How Latency and Bandwidth Impact Performance
Memory latency is the time between a processor requesting an item of data and that item of data arriving from memory. The more processors there are in a system, the longer the memory latency. A system with a single processor can have memory latency of less than 100ns; with two processors this can double, and when the system gets large and comprises multiple boards, the memory latency can become very high. Memory latency is a problem because there is little that a processor can do while it is waiting for data that it needs to be returned from memory. There are techniques, such as out-of-order (OoO) execution, which enable the processor to make some forward progress while waiting for data from memory. However, it is unlikely that these techniques will hide the entire cost of a memory miss, although they may manage to cover the time it takes to get data from the second-level cache. These techniques also add significant com-plexity and implementation area to the design of the processor core.
Cores that support multiple hardware threads are an alternative solution to the prob-lem of memory latency. When one thread is stalled waiting for data to be returned from memory, the other threads can still make forward progress. So although having multiple hardware threads does not improve the performance of the stalled thread, it improves the utilization of the core and consequently improves the throughput of the core (that is, there are threads completing work even if one thread is stalled).
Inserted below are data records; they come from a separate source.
(* For $t\in[0,1]$ and $x\ge 0$ define \[ f_t(x)=(1-t)\int_0^{1}x^{t\alpha}\,d\alpha+t\,x^{t}\int_0^{1}x^{(1-t)\alpha}\,d\alpha \] (with the convention $0^0=1$). Then for all $x\ge 0$ and all $t\in[0,1]$, \[ x^t\le f_t(x)\le \tfrac12\left(x^t+1-t+tx\right). \]
   Context: For $t\in(0,1)$ and $x>0$, $x\neq1$, one has $f_t(x)=\frac{1}{\log x}\left(\frac{1-t}{t}(x^t-1)+\frac{t}{1-t}x^t(x^{1-t}-1)\right)$; $f_t$ is the representing function of the weighted logarithmic mean. *)

From Stdlib Require Import Reals.
From Coquelicot Require Import Coquelicot.
Open Scope R_scope.

Definition rpow (x y : R) : R :=
  if Req_EM_T x 0 then (if Req_EM_T y 0 then 1 else 0) else Rpower x y.

Definition f_t (t x : R) : R :=
  (1 - t) * RInt (fun a => rpow x (t * a)) 0 1
  + t * rpow x t * RInt (fun a => rpow x ((1 - t) * a)) 0 1.

(** For [x > 0] write [x = exp L]; then [f_t t x = (1-t) G(tL) + t e^(tL) G((1-t)L)] with
    [G c = int_0^1 e^(c a) da] ([exp_mean] below).  The Hermite-Hadamard inequalities for the
    convex function [exp] give [e^(c/2) <= G c <= (1 + e^c)/2].  The upper bounds add up to the claimed upper
    bound exactly; the lower bounds add up to a convex combination of exponentials, which by
    convexity dominates [e^(tL) = x^t]. *)

From Stdlib Require Import Reals Lra Psatz.
From Coquelicot Require Import Coquelicot.
Open Scope R_scope.

Lemma exp_tangent_le y z : exp z * (1 + (y - z)) <= exp y.
Proof.
  replace (exp y) with (exp z * exp (y - z)).
  - apply Rmult_le_compat_l; [left; apply exp_pos | apply exp_ineq1_le].
  - rewrite <- exp_plus; f_equal; ring.
Qed.

Lemma exp_convex a u v : 0 <= a <= 1 ->
  exp ((1 - a) * u + a * v) <= (1 - a) * exp u + a * exp v.
Proof.
  intros Ha. set (m := (1 - a) * u + a * v).
  pose proof (exp_tangent_le u m) as Hu. pose proof (exp_tangent_le v m) as Hv.
  assert (Hm : exp m = (1 - a) * (exp m * (1 + (u - m))) + a * (exp m * (1 + (v - m))))
    by (unfold m; ring).
  rewrite Hm. apply Rplus_le_compat; apply Rmult_le_compat_l; lra.
Qed.

Lemma RInt_affine_01 A B : RInt (fun a => A + B * a) 0 1 = A + B / 2.
Proof.
  apply is_RInt_unique.
  replace (A + B / 2) with
    (minus ((fun a => A * a + B * (a * a) / 2) 1) ((fun a => A * a + B * (a * a) / 2) 0))
    by (unfold minus, plus, opp; simpl; field).
  apply (is_RInt_derive (fun a => A * a + B * (a * a) / 2)).
  - intros a _. auto_derive; [auto | field].
  - intros a _. apply (ex_derive_continuous (fun a => A + B * a)). auto_derive; auto.
Qed.

Lemma ex_RInt_affine_01 A B : ex_RInt (fun a => A + B * a) 0 1.
Proof.
  apply (ex_RInt_continuous (V := R_CompleteNormedModule)). intros a _.
  apply (ex_derive_continuous (fun a => A + B * a)). auto_derive; auto.
Qed.

Definition exp_mean (c : R) : R := RInt (fun a => exp (c * a)) 0 1.

Lemma ex_RInt_exp_mean c : ex_RInt (fun a => exp (c * a)) 0 1.
Proof.
  apply (ex_RInt_continuous (V := R_CompleteNormedModule)). intros a _.
  apply (ex_derive_continuous (fun a => exp (c * a))). auto_derive; auto.
Qed.

(* Integrate the tangent line of [a |-> e^(c a)] at the midpoint [a = 1/2]. *)
Lemma exp_mean_ge c : exp (c / 2) <= exp_mean c.
Proof.
  replace (exp (c / 2)) with (exp (c / 2) * (1 - c / 2) + exp (c / 2) * c / 2) by field.
  rewrite <- RInt_affine_01. apply RInt_le; [lra | apply ex_RInt_affine_01 |
    apply ex_RInt_exp_mean |].
  intros a _. pose proof (exp_tangent_le (c * a) (c / 2)). nra.
Qed.

(* Integrate the chord of [a |-> e^(c a)] over [0, 1]. *)
Lemma exp_mean_le c : exp_mean c <= (1 + exp c) / 2.
Proof.
  replace ((1 + exp c) / 2) with (1 + (exp c - 1) / 2) by field.
  rewrite <- RInt_affine_01. apply RInt_le; [lra | apply ex_RInt_exp_mean |
    apply ex_RInt_affine_01 |].
  intros a Ha. pose proof (exp_convex a 0 c ltac:(lra)) as Hc.
  rewrite exp_0 in Hc. replace ((1 - a) * 0 + a * c) with (c * a) in Hc by ring. lra.
Qed.

Lemma rpow_exp x y : 0 < x -> rpow x y = exp (y * ln x).
Proof. intros Hx. unfold rpow. destruct (Req_EM_T x 0); [lra | reflexivity]. Qed.

Lemma rpow_0_l y : y <> 0 -> rpow 0 y = 0.
Proof.
  intros Hy. unfold rpow.
  destruct (Req_EM_T 0 0); [destruct (Req_EM_T y 0) |]; easy.
Qed.

Lemma rpow_0_0 : rpow 0 0 = 1.
Proof. unfold rpow. destruct (Req_EM_T 0 0); easy. Qed.

Lemma f_t_exp t L :
  f_t t (exp L) = (1 - t) * exp_mean (t * L) + t * exp (t * L) * exp_mean ((1 - t) * L).
Proof.
  unfold f_t, exp_mean. rewrite rpow_exp, ln_exp by apply exp_pos.
  f_equal; [f_equal | f_equal]; apply RInt_ext; intros a _;
    rewrite rpow_exp, ln_exp by apply exp_pos; f_equal; ring.
Qed.

Lemma RInt_const_01 (c : R) : RInt (fun _ => c) 0 1 = c.
Proof. rewrite RInt_const. unfold scal; simpl; unfold mult; simpl. ring. Qed.

Lemma f_t_0_r t : 0 < t <= 1 -> f_t t 0 = 0.
Proof.
  intros Ht. unfold f_t. rewrite (rpow_0_l t) by lra.
  rewrite (RInt_ext _ (fun _ => 0)), RInt_const_01; [ring |].
  intros a Ha. rewrite Rmin_left, Rmax_right in Ha by lra.
  apply rpow_0_l. nra.
Qed.

Lemma f_t_0_0 : f_t 0 0 = 1.
Proof.
  unfold f_t. rewrite (RInt_ext _ (fun _ => 1)), RInt_const_01; [ring |].
  intros a _. rewrite Rmult_0_l. exact rpow_0_0.
Qed.

Lemma f_t_exp_ge t L : 0 <= t <= 1 -> exp (t * L) <= f_t t (exp L).
Proof.
  intros Ht. rewrite f_t_exp.
  pose proof (exp_mean_ge (t * L)). pose proof (exp_mean_ge ((1 - t) * L)).
  pose proof (exp_pos (t * L)).
  (* [t L] is the [t]-convex combination of [t L / 2] and [t L + (1 - t) L / 2]. *)
  pose proof (exp_convex t (t * L / 2) (t * L + (1 - t) * L / 2) Ht) as Hc.
  replace ((1 - t) * (t * L / 2) + t * (t * L + (1 - t) * L / 2)) with (t * L) in Hc
    by field.
  rewrite exp_plus in Hc.
  assert (t * exp (t * L) * exp ((1 - t) * L / 2)
          <= t * exp (t * L) * exp_mean ((1 - t) * L)) by
    (apply Rmult_le_compat_l; [apply Rmult_le_pos |]; lra).
  nra.
Qed.

Lemma f_t_exp_le t L : 0 <= t <= 1 ->
  f_t t (exp L) <= (exp (t * L) + 1 - t + t * exp L) / 2.
Proof.
  intros Ht. rewrite f_t_exp.
  pose proof (exp_mean_le (t * L)). pose proof (exp_mean_le ((1 - t) * L)).
  pose proof (exp_pos (t * L)).
  assert (Hx : exp (t * L) * exp ((1 - t) * L) = exp L)
    by (rewrite <- exp_plus; f_equal; ring).
  assert (t * exp (t * L) * exp_mean ((1 - t) * L)
          <= t * exp (t * L) * ((1 + exp ((1 - t) * L)) / 2)) by
    (apply Rmult_le_compat_l; [apply Rmult_le_pos |]; lra).
  nra.
Qed.

Theorem lemma2p3 (x t : R) (hx : 0 <= x) (ht0 : 0 <= t) (ht1 : t <= 1) :
  rpow x t <= f_t t x /\ f_t t x <= (rpow x t + 1 - t + t * x) / 2.
Proof.
  destruct hx as [hx | <-].
  - rewrite <- (exp_ln x) by exact hx.
    rewrite rpow_exp, ln_exp by apply exp_pos.
    split; [apply f_t_exp_ge | apply f_t_exp_le]; lra.
  - destruct ht0 as [ht0 | <-].
    + rewrite rpow_0_l, f_t_0_r by lra. lra.
    + rewrite rpow_0_0, f_t_0_0. lra.
Qed.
The other measurement that is relevant to discussions of memory is bandwidth. The bandwidth measures how much data can be returned from memory per second. For example, imagine that in one second a virtual CPU issues 10 million load instructions and each request misses cache. Each cache miss will fetch a 64-byte cache line from memory so that a single virtual CPU has consumed a bandwidth of 640MB in a second.
A CMT chip can make large demands of memory bandwidth since, at any one time, each thread could possibly have one or more outstanding memory requests. Suppose that there are 64 threads on a processor, the memory latency is 100 cycles, and the processor is clocked at a modest rate of 1GHz. If each thread is constantly issuing requests for new cache lines from memory, then each thread will issue one such request every 100 cycles (100 cycles being the time it takes for the previous request to complete). This makes
1 billion / 100 ∗ 64 = 640 million memory requests per second. If each request is for a fresh 64-byte cache line, then this represents an aggregate bandwidth of approximately 41GB/s.